Challenging the traditional view of intelligence is distributed cognition. According to Clark, “intelligence is distributed across brain, body, and world.” Meaning that intelligence is accomplished rather than possessed. Through the use of “information appliances that augment human’s cognitive capacities” distributed cognition focuses on reasoning. “Students need to know how to think with and through their tools as much as they need to record information in their heads.”(Clark)Playing in games such as Call of Duty helps one form mental maps of what player and non-players (CPU) are doing. To plan, players don’t need to know what others know but what they are likely to do.
Today users have begun exploiting the potential of networked communication through a process called collective intelligence. The world of collective intelligence is where, “everyone knows something, nobody knows everything, and what any one person knows can be tapped by the group as a whole.” (Levy). Collective Intelligence is an alternative source of power that allows communities to respond to govt. institutions. Focus on teamwork is how today’s workforce is structured. People with diverse skills and knowledge are brought together to confront a specific challenge. Students aren’t prepared for this adhocracy, as schools are encouraged to create, “autonomous problem solvers”; while with collective intelligence ownership of work is attributed to the group.

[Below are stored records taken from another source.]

Variable gamma : nat -> R.
Hypothesis gamma_pos : forall n, 0 < gamma n.

Definition Kenergy (f : R -> C) (n : nat) (t : R) : R :=
  gamma n * (Cmod (Kop gamma n f t) ^ 2 + Cmod (Kop gamma (S n) f t) ^ 2).

Lemma continuity_Kenergy (f : R -> C) (n : nat) (t : R) :
  smoothRC f -> continuity_pt (Kenergy f n) t.
Proof.
intro Hf; apply continuity_pt_mult; [now apply continuity_pt_const|].
apply continuity_pt_plus; eapply continuity_pt_Cmod2; apply (three_term_Kop gamma gamma_pos f Hf).
Qed.

Lemma Kenergy_conj (g : R -> C) (n : nat) (t : R) :
  smoothRC g -> Kenergy (fun s => Cconj (g s)) n t = Kenergy g n t.
Proof. intro Hg; unfold Kenergy; now rewrite !(Kop_conj gamma gamma_pos g Hg), !Cmod_conj. Qed.

Lemma Cmod_deriv_csum_Kop_le (f h : R -> C) (n : nat) (t : R) :
  Cmod (gamma n * (Kop gamma (S n) f t * Kop gamma n h t
                   + Kop gamma n f t * Kop gamma (S n) h t))%C
  <= (Kenergy f n t + Kenergy h n t) / 2.
Proof. exact (Cmod_cross_le _ _ _ _ _ (Rlt_le _ _ (gamma_pos n))). Qed.

End KEnergy.

Theorem lemma31 (gamma : nat -> R) (f g : R -> C)
  (Hpos : forall n : nat, 0 < gamma n)
  (HC1 : CondC1 gamma) (HC2 : CondC2 gamma) (HC3 : CondC3 gamma) (HC4 : CondC4 gamma)
  (HC5 : CondC5 gamma) (HC6 : CondC6 gamma) (HC7 : CondC7 gamma)
  (Hf : in_L gamma f) (Hg : in_L gamma g) :
  (exists (t0 : R) (l : C),
      filterlim (fun n => sigma_fg gamma f g n t0) eventually (locally l)) ->
  exists c : C, forall t : R,
      filterlim (fun n => sigma_fg gamma f g n t) eventually (locally c).
Proof.
intros [t0 [l Hl]]; exists l; intro t.
destruct Hf as [Sf Uf], Hg as [Sg Ug].
set (h := fun s => Cconj (g s)).
pose proof (smoothRC_conj g Sg) as Sh.
assert (Hab := Rmin_Rmax t0 t).
destruct (unif_conv_compact_bounded _ _ _ Hab
            (fun n s _ => continuity_Kenergy gamma Hpos f n s Sf) Uf) as [Nf [Mf HMf]].
destruct (unif_conv_compact_bounded _ _ _ Hab
            (fun n s _ => continuity_Kenergy gamma Hpos g n s Sg) Ug) as [Ng [Mg HMg]].
apply (filterlim_Cdiv_perturb
         (fun n => csum (fun k => Kop gamma k f t0 * Kop gamma k h t0)%C n) _ _ l
         ((Mf + Mg) / 2 * Rabs (t - t0)) HC4); [|exact Hl].
exists (max Nf Ng); intros n Hn.
apply (Cmod_increment_le _ _ _ _ _
         (is_cderive_csum_prod gamma _ _ n (three_term_Kop gamma Hpos f Sf)
                                           (three_term_Kop gamma Hpos h Sh))).
intros s Hs; eapply Rle_trans; [apply Cmod_deriv_csum_Kop_le; exact Hpos|].
unfold h; rewrite Kenergy_conj by assumption.
assert (HfN := HMf n s ltac:(lia) Hs); assert (HgN := HMg n s ltac:(lia) Hs); lra.
Qed.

Knowledge is always a process with collective intelligence as you must show proper judgment when trying to distinguish fact from fiction, argument from documentation, real from fake, and marketing from enlightenment. Using proper judgment requires not simply logic, but also an understanding of how different media institutions and cultural communities operate when attempting to authenticate new information.
New& Old Media
Old media to me is the type of media my parents had when they were my age. During that time period the ways of communicating information were through print media and through radio. I remember seeing my dad in the morning, walking around on eggshells, waiting on his aunt to tell him if he won the bet on the Laker game the previous night. He went through all of this because the newspaper wouldn’t have the game results until two days after the game. So in describing old media I would say that in terms of getting information it was very slow but with getting information more slowly chances are the information is probably more accurate. I think new media is essentialy digital media. You have audio, video, images all a click away with new media. It really is the opposite from old media, in that you get it extremely fast but the information is less accurate since the appropriate amount of time to check your information is not properly utilized. This along with the fact that with old media the amount of people who could supply you with information was very limited, whereas with new media the number is infinite leading you to have to sort out what information is true and what is fabricated.
Work Cited
Jenkins, Henry. Confronting the Challenges of Participatory Culture: Media Education for the 21st Century. Cambridge, MA: The MIT Press, 2009. Print.